Karen Ribeiro, a female undercover agent with the Nevada State Division of Investigation and Narcotics, testified that she first visited appellant on August 12, 1977, after an audit revealed that he had been writing an inordinate amount of prescriptions for quaalude. After a brief medical examination, Ribeiro told the doctor that she and her, boy friend needed quaalude for their social activity. He wrote her prescriptions for quaalude, preludin and dexedrine, although she stated she had no medical difficulties.

*387 Ribeiro testified that on a second visit two weeks later appellant stated that he wasn’t sure of her. “He was leery of me, stating that State Narcotics had come to his office earlier and they maybe using women now.” He still wrote her prescriptions. On a third visit on October 13, 1977, he stated that “the State Narcotics had just arrested Dr. Russell for prescribing too many quaalude, so he had to be careful.” Nevertheless he wrote prescriptions for her for quaalude and for her “boy friend” for preludin, using the name of Jill Bogart, and a third prescription for Ribeiro for dexedrine, using her middle name. He cautioned her to take the prescriptions to different pharmacies.

Dr. Matthew J. Ellenhorn, who qualified as an expert in the fields of medicine and pharmacology, testified for the Government regarding the controlled substances and standards of medical care and practice in prescribing them. In response to hypothetical questions, he testified that, with little exception, the testimony of the Government witnesses indicated no legitimate medical purpose for the many prescriptions for quaalude.

Dr. Potter testified in his defense that he had never had sexual relations with anyone in his office and denied all allegations of improper conduct in the examination and treatment of the Government witnesses.

Contentions on Appeal

Appellant contends that the trial court erred in (1) permitting testimony that the defendant had sexual relations with his patients, (2) failing to give a proper limiting instruction on the evidence of the sexual relations, and (3) allowing testimony concerning the arrest of another doctor for illegally prescribing controlled substances; and (4) that improprieties in the Government’s closing argument deprived him of a fair trial.
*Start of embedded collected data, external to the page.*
(* For all $j\ge0$ and all $x,u\in O$: (1) $D_j(\alpha x)=\alpha^jD_j(x)$ for $\alpha\in\mathbf{F}_q^*$; (2) $D_j(x+u)=\sum_{e+f=j}\binom{j}{e}D_e(x)D_f(u)$; (3) $D'_j(\alpha x)=\alpha^jD'_j(x)$ for $\alpha\in\mathbf{F}_q^*$; (4) $D'_j(x+u)=\sum_{e+f=j}\binom{j}{e}D_e(x)D'_f(u)$. Here the sums run over pairs of nonnegative integers $(e,f)$ and binomial coefficients are read in $\mathbf{F}_q$.
   Context: Let $q$ be a prime power, $O=\mathbf{F}_q[[T]]$. Hasse derivatives: $\mathcal{D}_n(\sum_ia_iT^i)=\sum_i\binom{i}{n}a_iT^{i-n}$ (binomials in $\mathbf{F}_q$). For $j\ge0$ with base-$q$ expansion $j=\alpha_0+\alpha_1q+\cdots+\alpha_sq^s$ ($0\le\alpha_i<q$): $D_j(x)=\prod_{n=0}^s\mathcal{D}_n(x)^{\alpha_n}$ ($D_0=1$), and $D'_j(x)=\prod_{n=0}^sD'_{\alpha_nq^n}(x)$ where $D'_{\alpha q^n}(x)=\mathcal{D}_n(x)^\alpha$ if $0\le\alpha<q-1$ and $D'_{(q-1)q^n}(x)=\mathcal{D}_n(x)^{q-1}-1$. *)

From HB Require Import structures.
From mathcomp Require Import all_boot all_order all_algebra all_field.
Set Implicit Arguments. Unset Strict Implicit. Unset Printing Implicit Defensive.
Import GRing.Theory.
Local Open Scope ring_scope.

(* O = F_q[[T]] for a finite field F with q = #|F| elements.
   A formal power series is represented by its coefficient sequence
   (x k = coefficient of T^k). *)
Definition ps (F : finFieldType) := nat -> F.

Section PS.
Variable F : finFieldType.

Definition ps_add (x y : ps F) : ps F := fun k => x k + y k.
Definition ps_sub (x y : ps F) : ps F := fun k => x k - y k.
Definition ps_scale (a : F) (x : ps F) : ps F := fun k => a * x k.
Definition ps_one : ps F := fun k => if k == 0%N then 1 else 0.
Definition ps_mul (x y : ps F) : ps F :=
  fun k => \sum_(i < k.+1) x i * y (k - i)%N.
Definition ps_pow (x : ps F) (n : nat) : ps F := iter n (ps_mul x) ps_one.
Definition ps_prod (m : nat) (f : nat -> ps F) : ps F :=
  foldr ps_mul ps_one (map f (iota 0 m)).
Definition ps_sum (m : nat) (f : nat -> ps F) : ps F :=
  fun k => \sum_(e < m) f e k.

(* Hasse derivative: D_n (sum a_i T^i) = sum binom(i,n) a_i T^(i-n) *)
Definition hasse (n : nat) (x : ps F) : ps F :=
  fun k => ('C(k + n, n))%:R * x (k + n)%N.

Definition q := #|F|.

Definition digit (j n : nat) : nat := (j %/ q ^ n) %% q.
Definition topdigit (j : nat) : nat := trunc_log q j.

Definition Dj (j : nat) (x : ps F) : ps F :=
  ps_prod (topdigit j).+1 (fun n => ps_pow (hasse n x) (digit j n)).

Definition Dprime_block (n a : nat) (x : ps F) : ps F :=
  if a == q.-1 then ps_sub (ps_pow (hasse n x) a) ps_one
  else ps_pow (hasse n x) a.

Definition Dpj (j : nat) (x : ps F) : ps F :=
  ps_prod (topdigit j).+1 (fun n => Dprime_block n (digit j n) x).

End PS.

From HB Require Import structures.
From mathcomp Require Import all_boot all_order all_algebra all_field.
From mathcomp Require Import zify ring.
From Stdlib Require Import FunctionalExtensionality.
Set Implicit Arguments. Unset Strict Implicit. Unset Printing Implicit Defensive.
Import GRing.Theory.
Local Open Scope ring_scope.

(* Truncating power series to polynomials (ps_approx) turns every claim into an identity in
   the commutative F-algebra {poly F}.  Since each Hasse derivative D_n is F-linear, D_j(x) and
   D'_j(x) become digit products prod_n f_n(alpha_n) of the blocks f_n(d) = P_n^d, resp.
   P_n^d - [d = q - 1], and each block is a binomial convolution in d: this is the binomial
   theorem, the correction term of D' meeting only the summand e = 0 because d < q.  Lucas'
   theorem C(r + s q, c + e q) = C(r, c) C(s, e) in F, a consequence of (1 + X)^q = 1 + X^q,
   shows that digit products of binomial convolutions are binomial convolutions, which gives
   (2) and (4).  For (1) and (3), alpha^q = alpha gives alpha^j = prod_n alpha^(alpha_n), and
   alpha^(q-1) = 1 absorbs the correction term. *)

Lemma modn_addMl d c i : (c < d)%N -> ((c + i * d) %% d = c)%N.
Proof. by move=> lt_cd; rewrite addnC modnMDl modn_small. Qed.

Lemma divn_addMl d c i : (c < d)%N -> ((c + i * d) %/ d = i)%N.
Proof.
by move=> lt_cd; rewrite addnC divnMDl ?divn_small ?addn0 // (leq_ltn_trans _ lt_cd).
Qed.

Lemma sum_ord_mul (V : nmodType) n k (h : nat -> V) :
  \sum_(e < n * k) h e = \sum_(i < n) \sum_(c < k) h (c + i * k)%N.
Proof.
rewrite -(big_mkord xpredT h) big_nat_mul big_mkord; apply: eq_bigr => i _.
by rewrite mulSn addnC -{1}(add0n (i * k)%N) big_addn addKn big_mkord.
Qed.

Lemma coefM_comp_polyXn (R : nzSemiRingType) (p P : {poly R}) n c e :
  (size p <= n)%N -> (c < n)%N -> (p * (P \Po 'X^n))`_(c + e * n) = p`_c * P`_e.
Proof.
move=> size_p lt_cn; have n_gt0 : (0 < n)%N by apply: leq_ltn_trans lt_cn.
have le_c : (c < (c + e * n).+1)%N by rewrite ltnS leq_addr.
rewrite coefM (bigD1 (Ordinal le_c)) //= addKn coef_comp_poly_Xn // dvdn_mull //.
rewrite mulnK // big1 ?addr0 // => i ne_ic.
have [lt_in | le_ni] := ltnP i n; last first.
  by rewrite nth_default ?mul0r // (leq_trans size_p).
rewrite coef_comp_poly_Xn // ifN ?mulr0 //; apply: contra ne_ic => dvd_n.
have le_i : (i <= c + e * n)%N by rewrite -ltnS.
move: dvd_n; rewrite -eqn_mod_dvd // modn_addMl // modn_small // => /eqP eq_ci.
exact/eqP/val_inj/esym.
Qed.

Section Lucas.
Variable F : finFieldType.
Local Notation q := (q F).

Lemma card_gt1 : (1 < q)%N.
Proof. exact: finNzRing_gt1. Qed.

Lemma expf_card_pred (a : F) : a != 0 -> a ^+ q.-1 = 1.
Proof.
move=> a_neq0; apply: (mulIf a_neq0).
by rewrite mul1r -exprSr prednK ?expf_card // ltnW // card_gt1.
Qed.

Lemma exprXD1_card : ('X + 1 : {poly F}) ^+ q = 'X^q + 1.
Proof.
have [p p_pr pcharFp] := finPcharP F.
have -> : q = (p ^ logn p q)%N := card_pprimeChar pcharFp.
by rewrite exprDn_pchar ?expr1n // pnatX pnatE // pchar_poly pcharFp.
Qed.

Lemma coef_exprXD1 n i : (('X + 1 : {poly F}) ^+ n)`_i = 'C(n, i)%:R.
Proof.
rewrite exprD1n; under eq_bigr do rewrite -scaler_nat.
rewrite coef_sumMXn (big_ord1_eq _ (fun k => 'C(n, k)%:R)) ltnS.
by case: leqP => // /bin_small ->.
Qed.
I. Evidence of Sexual Conduct

Appellant contends that testimony concerning repeated occurrences of oral sex in his office with the various Government witnesses should have been excluded as irrelevant under Fed.R.Evid. 404(b), and even if relevant, as unfairly prejudicial under Rule 403. We disagree.

Rule 404(b) provides:

(b) Other crimes, wrongs, or acts. Evidence of other crimes, wrongs, or acts is not admissible to prove the character of a person in order to show that he acted in conformity therewith. It may, however, be admissible for other purposes, such as proof of motive, opportunity, intent, preparation, plan, knowledge, identity, or absence of mistake or accident.

Here the evidence was not offered to impugn character, as appellant argues, but rather to prove motive and lack of good faith intent in failing to comply with usual “professional practices” and “legitimate medical purposes”.

Rule 404(b) is “one of inclusion which admits evidence of other crimes or acts relevant to an issue in the trial, except where it tends to prove only criminal disposition”. United States v. Rocha, 553 F.2d 615, 616 (9 Cir. 1977). This “inclusionary rule”, however, is subject to the balancing test of Rule 403.